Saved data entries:
(* Let $X$ be a reflexive complex Banach space, let $A$ be a positive self-adjoint operator from $X$ to $X^\ast$, and let $E$ be a bounded linear operator on $X$ such that $E(\operatorname{dom}A)\subseteq\operatorname{dom}A$ and $E^\ast A\subseteq AE$. Then the assignment $\hat E(Ax):=AEx$ ($x\in\operatorname{dom}A$) gives a well-defined linear operator $\hat E$ on $\operatorname{ran}A$, and $\hat E$ is bounded with respect to the norm of $H_A$.
   Context: $X^\ast$ denotes the conjugate dual of $X$ (continuous conjugate-linear functionals on $X$); $X$ is identified with $X^{\ast\ast}$. For $v\in X^\ast$, $x\in X$ write $(v,x):=v(x)$ and $(x,v):=\overline{v(x)}$. An operator $A$ from $X$ to $X^\ast$ is positive if $(Ax,x)\ge0$ for all $x\in\operatorname{dom}A$; its adjoint $A^\ast$ has domain $\{y\in X:x\mapsto(Ax,y)\text{ continuous on }\operatorname{dom}A\}$ and is determined by $(x,A^\ast y)=(Ax,y)$; $A$ is self-adjoint if $A=A^\ast$. For a bounded operator $E$ on $X$, $E^\ast$ is the bounded operator on $X^\ast$ with $(E^\ast v,x)=(v,Ex)$. $H_A$ is the completion of $\operatorname{ran}A$ with respect to the inner product $[Ax,Ay]_A:=(Ax,y)$ (well defined and positive definite on $\operatorname{ran}A$). *)

From HB Require Import structures.
From mathcomp Require Import all_boot all_order all_algebra.
From mathcomp Require Import all_classical all_reals topology normedtype.
From mathcomp.real_closed Require Import complex.
Set Implicit Arguments. Unset Strict Implicit. Unset Printing Implicit Defensive.
Import Order.TTheory GRing.Theory Num.Theory.
Import numFieldNormedType.Exports.
Local Open Scope classical_set_scope.
Local Open Scope ring_scope.

Definition Cx (R : realType) : numClosedFieldType := R[i].

Section Defs.
Variable R : realType.
Local Notation C := (Cx R).
Variable X : normedModType C.

Definition conj_linear (v : X -> C) : Prop :=
  (forall x y : X, v (x + y) = v x + v y) /\
  (forall (a : C) (x : X), v (a *: x) = a^* * v x).

Definition in_cdual (v : X -> C) : Prop := conj_linear v /\ continuous v.

Definition bounded_op (E : X -> X) : Prop :=
  (forall (a : C) (x y : X), E (a *: x + y) = a *: E x + E y) /\ continuous E.

Definition cadj_op (E : X -> X) (v : X -> C) : X -> C := fun x => v (E x).

(* reflexivity: every continuous conjugate-linear functional on X^* (continuity
   w.r.t. the dual norm, expressed as boundedness |phi v| <= c ||v||, where
   ||v|| = inf {M >= 0 | forall x, |v x| <= M |x|}) is of the form
   v |-> (x, v) = conj (v x) for some x in X. *)
Definition reflexive_space : Prop :=
  forall phi : (X -> C) -> C,
    (forall u v, in_cdual u -> in_cdual v -> phi (fun z => u z + v z) = phi u + phi v) ->
    (forall a v, in_cdual v -> phi (fun z => a * v z) = a^* * phi v) ->
    (exists c : R, forall v, in_cdual v -> forall M : R, 0 <= M ->
        (forall x, `|v x| <= (M%:C)%C * `|x|) -> `|phi v| <= ((c * M)%:C)%C) ->
    exists x : X, forall v, in_cdual v -> phi v = (v x)^*.

Definition op_to_dual (domA : set X) (A : X -> X -> C) : Prop :=
  domA 0 /\
  (forall (a : C) x y, domA x -> domA y -> domA (a *: x + y)) /\
  (forall x, domA x -> in_cdual (A x)) /\
  (forall (a : C) x y, domA x -> domA y ->
     A (a *: x + y) = (fun z => a * A x z + A y z)).

Definition positive_op (domA : set X) (A : X -> X -> C) : Prop :=
  forall x, domA x -> 0 <= A x x.

Definition adj_dom (domA : set X) (A : X -> X -> C) : set X :=
  [set y | {within domA, continuous (fun x => A x y)}].

(* self-adjointness A = A^*: dom A is dense (so that A^* is determined),
   dom A^* = dom A, and (x, A y) = (A x, y) for x, y in dom A. *)
Definition selfadjoint_op (domA : set X) (A : X -> X -> C) : Prop :=
  closure domA = setT /\
  adj_dom domA A = domA /\
  (forall x y, domA x -> domA y -> (A y x)^* = A x y).

Definition ranA (domA : set X) (A : X -> X -> C) : set (X -> C) :=
  [set u | exists2 x, domA x & A x = u].

End Defs.

From HB Require Import structures.
From mathcomp Require Import all_boot all_order all_algebra.
From mathcomp Require Import all_classical all_reals topology normedtype sequences.
From mathcomp.real_closed Require Import complex.
From mathcomp Require Import ring lra.
Set Implicit Arguments. Unset Strict Implicit. Unset Printing Implicit Defensive.
Import Order.TTheory GRing.Theory Num.Theory.
Import numFieldNormedType.Exports.
Local Open Scope classical_set_scope.
Local Open Scope ring_scope.

(* Take Ehat := E^*, i.e. u |-> u \o E: it maps Ax to AEx by hypothesis and is
   obviously linear.
   For the bound let a_k := (A E^k x, E^k x) >= 0.  As (A E^k x, E^(k+2) x) =
   a_(k+1), Cauchy-Schwarz for the positive form (Au, w) makes (a_k) log-convex,
   so a_k >= a_0 (a_1 / a_0)^k; on the other hand a_k = (Ax, E^(2k) x) grows at
   most like ||E||^(2k).  Comparing the two rates gives a_1 <= ||E||^2 a_0, that
   is ||Ehat (Ax)||_A <= ||E|| ||Ax||_A. *)


Lemma sqr_le_mul_of_quadratic_ge0 (R : realFieldType) (p q s : R) : 0 <= q ->
  (forall t : R, 0 <= p - 2 * t * s + t ^+ 2 * q) -> s ^+ 2 <= p * q.
Proof.
move=> q_ge0 quad_ge0; have [q_eq0|q_neq0] := eqVneq q 0.
  have [->|s_neq0] := eqVneq s 0; first by rewrite q_eq0 expr0n mulr0.
  have := quad_ge0 ((p + 1) / (2 * s)); rewrite q_eq0 !mulr0 addr0.
  have -> : 2 * ((p + 1) / (2 * s)) * s = p + 1 by field.
  lra.
have q_gt0 : 0 < q by rewrite lt0r q_neq0.
have := quad_ge0 (s / q).
have -> : p - 2 * (s / q) * s + (s / q) ^+ 2 * q = (p * q - s ^+ 2) / q by field.
by rewrite pmulr_lge0 ?invr_gt0 // subr_ge0.
Qed.

Section LogConvexSequence.
Variables (R : realFieldType) (a : nat -> R).
Hypotheses (a_ge0 : forall k, 0 <= a k)
  (a_logconvex : forall k, a k.+1 ^+ 2 <= a k * a k.+2).

Lemma logconvex_eq0S k : a k = 0 -> a k.+1 = 0.
Proof.
move=> ak_eq0; apply/eqP; rewrite -sqrf_eq0 eq_le sqr_ge0 andbT.
by rewrite -(mul0r (a k.+2)) -ak_eq0.
Qed.

Lemma logconvex_ratio_mono k : a 1 * a k <= a 0 * a k.+1.
Proof.
elim: k => [|k IH]; first by rewrite mulrC.
have [ak_eq0|ak_neq0] := eqVneq (a k) 0.
  by rewrite (logconvex_eq0S ak_eq0) mulr0 mulr_ge0.
have ak_gt0 : 0 < a k by rewrite lt0r ak_neq0 a_ge0.
have h1 : a 1 * a k * a k.+1 <= a 0 * a k.+1 ^+ 2.
  by rewrite expr2 mulrA ler_wpM2r.
have h2 : a 0 * a k.+1 ^+ 2 <= a 0 * (a k * a k.+2) by rewrite ler_wpM2l.
rewrite -(ler_pM2l ak_gt0) mulrCA [X in _ <= X]mulrCA mulrA.
exact: le_trans h1 h2.
Qed.

Lemma logconvex_geometric_lower k : a 1 ^+ k * a 0 <= a 0 ^+ k * a k.
Proof.
elim: k => [|k IH]; first by rewrite !expr0.
rewrite exprS -mulrA (le_trans (ler_wpM2l (a_ge0 1) IH)) //.
rewrite mulrCA exprSr -mulrA ler_wpM2l ?exprn_ge0 //.
exact: logconvex_ratio_mono.
Qed.

End LogConvexSequence.

Lemma logconvex_geometric_bound (R : archiRealFieldType) (a : nat -> R) (c B : R) :
  0 <= c -> (forall k, 0 <= a k) -> (forall k, a k.+1 ^+ 2 <= a k * a k.+2) ->
  (forall k, a k <= B * c ^+ k) -> a 1 <= c * a 0.
Proof.
move=> c_ge0 a_ge0 a_logconvex a_bound.
have [a0_eq0|a0_neq0] := eqVneq (a 0) 0.
  by rewrite (logconvex_eq0S a_logconvex a0_eq0) a0_eq0 mulr0.
have a0_gt0 : 0 < a 0 by rewrite lt0r a0_neq0 a_ge0.
rewrite leNgt; apply/negP => a1_gt.
have a1_gt0 : 0 < a 1 by apply: le_lt_trans a1_gt; rewrite mulr_ge0.
set z := c * a 0 / a 1.
have z_ge0 : 0 <= z by rewrite divr_ge0 ?mulr_ge0 // ltW.
have z_lt1 : `|z| < 1 by rewrite ger0_norm // ltr_pdivrMr // mul1r.
have a0_le k : a 0 <= B * z ^+ k.
  rewrite expr_div_n mulrA ler_pdivlMr ?exprn_gt0 // mulrC.
  apply: le_trans (logconvex_geometric_lower a_ge0 a_logconvex k) _.
  rewrite exprMn [c ^+ k * _]mulrC mulrCA.
  by rewrite ler_wpM2l // exprn_ge0 // ltW.
have /cvgr_lt/(_ _ a0_gt0) [n _ /(_ n (leqnn n))] := cvg_geometric B z_lt1.
by rewrite /= ltNge a0_le.
Qed.

Lemma iter_bounded_le (K : numFieldType) (V : normedModType K) (E : V -> V) (c : K) :
  0 <= c -> (forall z, `|E z| <= c * `|z|) ->
  forall n z, `|iter n E z| <= c ^+ n * `|z|.
Proof.
move=> c_ge0 E_le; elim=> [|n IH] z /=; first by rewrite expr0 mul1r.
by rewrite (le_trans (E_le _)) // exprS -mulrA ler_wpM2l.
Qed.

Section ComplexBounds.
Variable R : realType.
Local Notation C := (Cx R).

Lemma continuous0_homogeneous_bounded (X Y : normedModType C) (f : X -> Y) :
  {for 0, continuous f} -> (forall a z, `|f (a *: z)| = `|a| * `|f z|) ->
  exists2 M : R, 0 < M & forall z, `|f z| <= M%:C%C * `|z|.
Proof.
move=> f_cont f_hom.
have f0 : f 0 = 0 by apply/normr0_eq0; rewrite -(scale0r 0) f_hom normr0 mul0r.
move: f_cont; rewrite /prop_for /continuous_at f0.
move=> /cvgrPdist_lt /(_ 1 ltr01) /nbhs_norm0P [e /= e_gt0 f_small].
have e_real : (2 / e : C) \is Num.real by apply: gtr0_real; rewrite divr_gt0.
exists (complex.Re (2 / e : C)); first by rewrite -ltcR RRe_real // divr_gt0.
rewrite RRe_real // => z.
have [->|z_neq0] := eqVneq z 0; first by rewrite f0 !normr0 mulr0.
(* a rescales z to norm e / 2, inside the ball where `|f| < 1. *)
have z_gt0 : 0 < `|z| by rewrite normr_gt0.
set a : C := e / (2 * `|z|).
have a_gt0 : 0 < a by rewrite divr_gt0 // mulr_gt0.
have : `|a *: z| < e.
  rewrite normrZ gtr0_norm //.
  have -> : a * `|z| = e / 2 by rewrite /a; field; rewrite gt_eqF.
  by rewrite ltr_pdivrMr // ltr_pMr // ltr1n.
move=> /f_small /=; rewrite sub0r normrN f_hom gtr0_norm // => afz_lt1.
have -> : `|f z| = a^-1 * (a * `|f z|) by rewrite mulKf // gt_eqF.
have -> : 2 / e * `|z| = a^-1 * 1 by rewrite /a; field; rewrite !gt_eqF.
by rewrite ler_pM2l ?invr_gt0 // ltW.
Qed.

Variable X : normedModType C.

Lemma cdual_bounded (v : X -> C) : in_cdual v ->
  exists2 M : R, 0 < M & forall z, `|v z| <= M%:C%C * `|z|.
Proof.
move=> [[_ v_scale] v_cont]; apply: continuous0_homogeneous_bounded.
  exact: v_cont.
by move=> a z; rewrite v_scale normrM norm_conjC.
Qed.

Lemma bounded_op_bounded (E : X -> X) : bounded_op E ->
  exists2 K : R, 0 < K & forall z, `|E z| <= K%:C%C * `|z|.
Proof.
move=> [E_lin E_cont]; apply: continuous0_homogeneous_bounded.
  exact: E_cont.
have E0 : E 0 = 0.
  have := E_lin 1 0 0; rewrite !scale1r addr0 => E0_twice.
  by apply: (addrI (E 0)); rewrite -E0_twice addr0.
by move=> a z; rewrite -[a *: z]addr0 E_lin E0 addr0 normrZ.
Qed.

End ComplexBounds.

Section PositiveSymmetricForm.
Variables (R : realType) (X : normedModType (Cx R)) (domA : set X) (A : X -> X -> Cx R).
Hypotheses (opA : op_to_dual domA A) (posA : positive_op domA A)
  (symA : forall x y, domA x -> domA y -> (A y x)^* = A x y).

Lemma form_diag_real w : domA w -> (complex.Re (A w w))%:C%C = A w w.
Proof. by move=> dw; apply/RRe_real/ger0_real/posA. Qed.

Lemma form_diag_eq y y' : domA y -> domA y' -> A y = A y' -> A y y = A y' y'.
Proof.
move=> dy dy' Ay_eq.
by rewrite {1}Ay_eq -(symA dy' dy) Ay_eq conj_Creal // ger0_real // posA.
Qed.

Lemma form_cauchy_schwarz_real u w (s : R) : domA u -> domA w ->
  A u w = s%:C%C -> s ^+ 2 <= complex.Re (A u u) * complex.Re (A w w).
Proof.
move=> du dw Auw.
have [_ [domL [Acd Alin]]] := opA.
have realC (r : R) : r%:C%C \is @Num.real (Cx R) by apply/complex_realP; exists r.
have Awu : A w u = s%:C%C by rewrite -(symA dw du) Auw conj_Creal.
set p := complex.Re (A w w); set q := complex.Re (A u u).
have Aww : A w w = p%:C%C by rewrite form_diag_real.
have Auu : A u u = q%:C%C by rewrite form_diag_real.
rewrite mulrC; apply: sqr_le_mul_of_quadratic_ge0 => [|t].
  by rewrite -ler0c -Auu posA.
have expand : A (- t%:C%C *: u + w) (- t%:C%C *: u + w) =
    (p - 2 * t * s + t ^+ 2 * q)%:C%C.
  have [[addu scu] _] := Acd u du; have [[addw scw] _] := Acd w dw.
  rewrite Alin // addu scu addw scw Auw Awu Auu Aww conj_Creal ?realN //.
  rewrite !(rmorphD, rmorphB, rmorphM, rmorphXn, rmorph_nat) /=.
  ring.
by rewrite -ler0c -expand; apply/posA/domL.
Qed.

Variable E : X -> X.
Hypotheses (Edom : forall x, domA x -> domA (E x))
  (AE : forall x, domA x -> A (E x) = cadj_op E (A x)).

Lemma domA_iter k x : domA x -> domA (iter k E x).
Proof. by move=> dx; elim: k => //= k; apply: Edom. Qed.

Lemma form_iterC k u z : domA u -> A (iter k E u) z = A u (iter k E z).
Proof.
move=> du; elim: k z => [|k IH] z //=.
rewrite AE; last exact: domA_iter.
by rewrite /cadj_op IH -iterSr.
Qed.

Definition diag_orbit x k := complex.Re (A (iter k E x) (iter k E x)).

Lemma diag_orbit_ge0 x k : domA x -> 0 <= diag_orbit x k.
Proof.
by move=> dx; have dk := domA_iter k dx; rewrite -ler0c form_diag_real // posA.
Qed.

Lemma diag_orbit_logconvex x k : domA x ->
  diag_orbit x k.+1 ^+ 2 <= diag_orbit x k * diag_orbit x k.+2.
Proof.
move=> dx; have dk := domA_iter k dx.
apply: form_cauchy_schwarz_real => //; first exact: domA_iter.
by rewrite /diag_orbit form_diag_real //= ?AE //; apply: Edom.
Qed.

Lemma diag_orbit_bound x (K M : R) k : domA x -> 0 <= K -> 0 <= M ->
  (forall z, `|E z| <= K%:C%C * `|z|) -> (forall z, `|A x z| <= M%:C%C * `|z|) ->
  diag_orbit x k <= M * complex.Re `|x| * (K ^+ 2) ^+ k.
Proof.
move=> dx K_ge0 M_ge0 E_le Ax_le; have dk := domA_iter k dx.
rewrite -lecR form_diag_real //.
apply: le_trans (real_ler_norm (ger0_real (posA dk))) _.
rewrite form_iterC // -iterD; apply: le_trans (Ax_le _) _.
have Kc_ge0 : 0 <= K%:C%C :> Cx R by rewrite ler0c.
have Mc_ge0 : 0 <= M%:C%C :> Cx R by rewrite ler0c.
apply: le_trans (ler_wpM2l Mc_ge0 (iter_bounded_le Kc_ge0 E_le _ _)) _.
rewrite -(RRe_real (normr_real x)) -rmorphXn -!rmorphM lecR.
by rewrite addnn -mul2n exprM mulrA [X in _ <= X]mulrAC.
Qed.

End PositiveSymmetricForm.

Theorem lemma4 (R : realType) (X : completeNormedModType (Cx R))
  (domA : set X) (A : X -> X -> Cx R) (E : X -> X) :
  reflexive_space X ->
  op_to_dual domA A -> positive_op domA A -> selfadjoint_op domA A ->
  bounded_op E ->
  (forall x, domA x -> domA (E x)) ->
  (forall x, domA x -> A (E x) = cadj_op E (A x)) ->
  exists Ehat : (X -> Cx R) -> (X -> Cx R),
    (forall x, domA x -> Ehat (A x) = A (E x)) /\
    (forall (a : Cx R) u v, ranA domA A u -> ranA domA A v ->
       Ehat (fun z => a * u z + v z) = (fun z => a * Ehat u z + Ehat v z)) /\
    (exists c : R, 0 <= c /\
       forall x y, domA x -> domA y -> A y = Ehat (A x) ->
         A y y <= (c%:C)%C * A x x).
Proof.
move=> _ opA posA [_ [_ symA]] Ebd Edom AE.
exists (cadj_op E); split; first by move=> x /AE.
split; first by [].
have [K K_gt0 E_le] := bounded_op_bounded Ebd.
exists (K ^+ 2); split => [|x y dx dy Ay]; first by rewrite exprn_ge0 ?ltW.
have [_ [_ [Acd _]]] := opA.
have [M M_gt0 Ax_le] := cdual_bounded (Acd x dx).
have dEx := Edom x dx.
rewrite (form_diag_eq posA symA dy dEx); last by rewrite Ay AE.
rewrite -(form_diag_real posA dEx) -(form_diag_real posA dx) -rmorphM lecR.
apply: (logconvex_geometric_bound (a := diag_orbit A E x) (B := M * complex.Re `|x|)).
- by rewrite exprn_ge0 ?ltW.
- by move=> k; apply: (diag_orbit_ge0 posA Edom).
- by move=> k; apply: (diag_orbit_logconvex opA posA symA Edom AE).
- by move=> k; apply: (diag_orbit_bound posA Edom AE); rewrite ?ltW.
Qed.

[WHAT THIS TASK INVOLVES]
Once the line with "by rewrite /= ltNge a0_le." is found in the records above, print exactly that line and every line after it through the line with "have e_real : (2".

[ANSWER BOX]
by rewrite /= ltNge a0_le.
Qed.

Lemma iter_bounded_le (K : numFieldType) (V : normedModType K) (E : V -> V) (c : K) :
  0 <= c -> (forall z, `|E z| <= c * `|z|) ->
  forall n z, `|iter n E z| <= c ^+ n * `|z|.
Proof.
move=> c_ge0 E_le; elim=> [|n IH] z /=; first by rewrite expr0 mul1r.
by rewrite (le_trans (E_le _)) // exprS -mulrA ler_wpM2l.
Qed.

Section ComplexBounds.
Variable R : realType.
Local Notation C := (Cx R).

Lemma continuous0_homogeneous_bounded (X Y : normedModType C) (f : X -> Y) :
  {for 0, continuous f} -> (forall a z, `|f (a *: z)| = `|a| * `|f z|) ->
  exists2 M : R, 0 < M & forall z, `|f z| <= M%:C%C * `|z|.
Proof.
move=> f_cont f_hom.
have f0 : f 0 = 0 by apply/normr0_eq0; rewrite -(scale0r 0) f_hom normr0 mul0r.
move: f_cont; rewrite /prop_for /continuous_at f0.
move=> /cvgrPdist_lt /(_ 1 ltr01) /nbhs_norm0P [e /= e_gt0 f_small].
have e_real : (2 / e : C) \is Num.real by apply: gtr0_real; rewrite divr_gt0.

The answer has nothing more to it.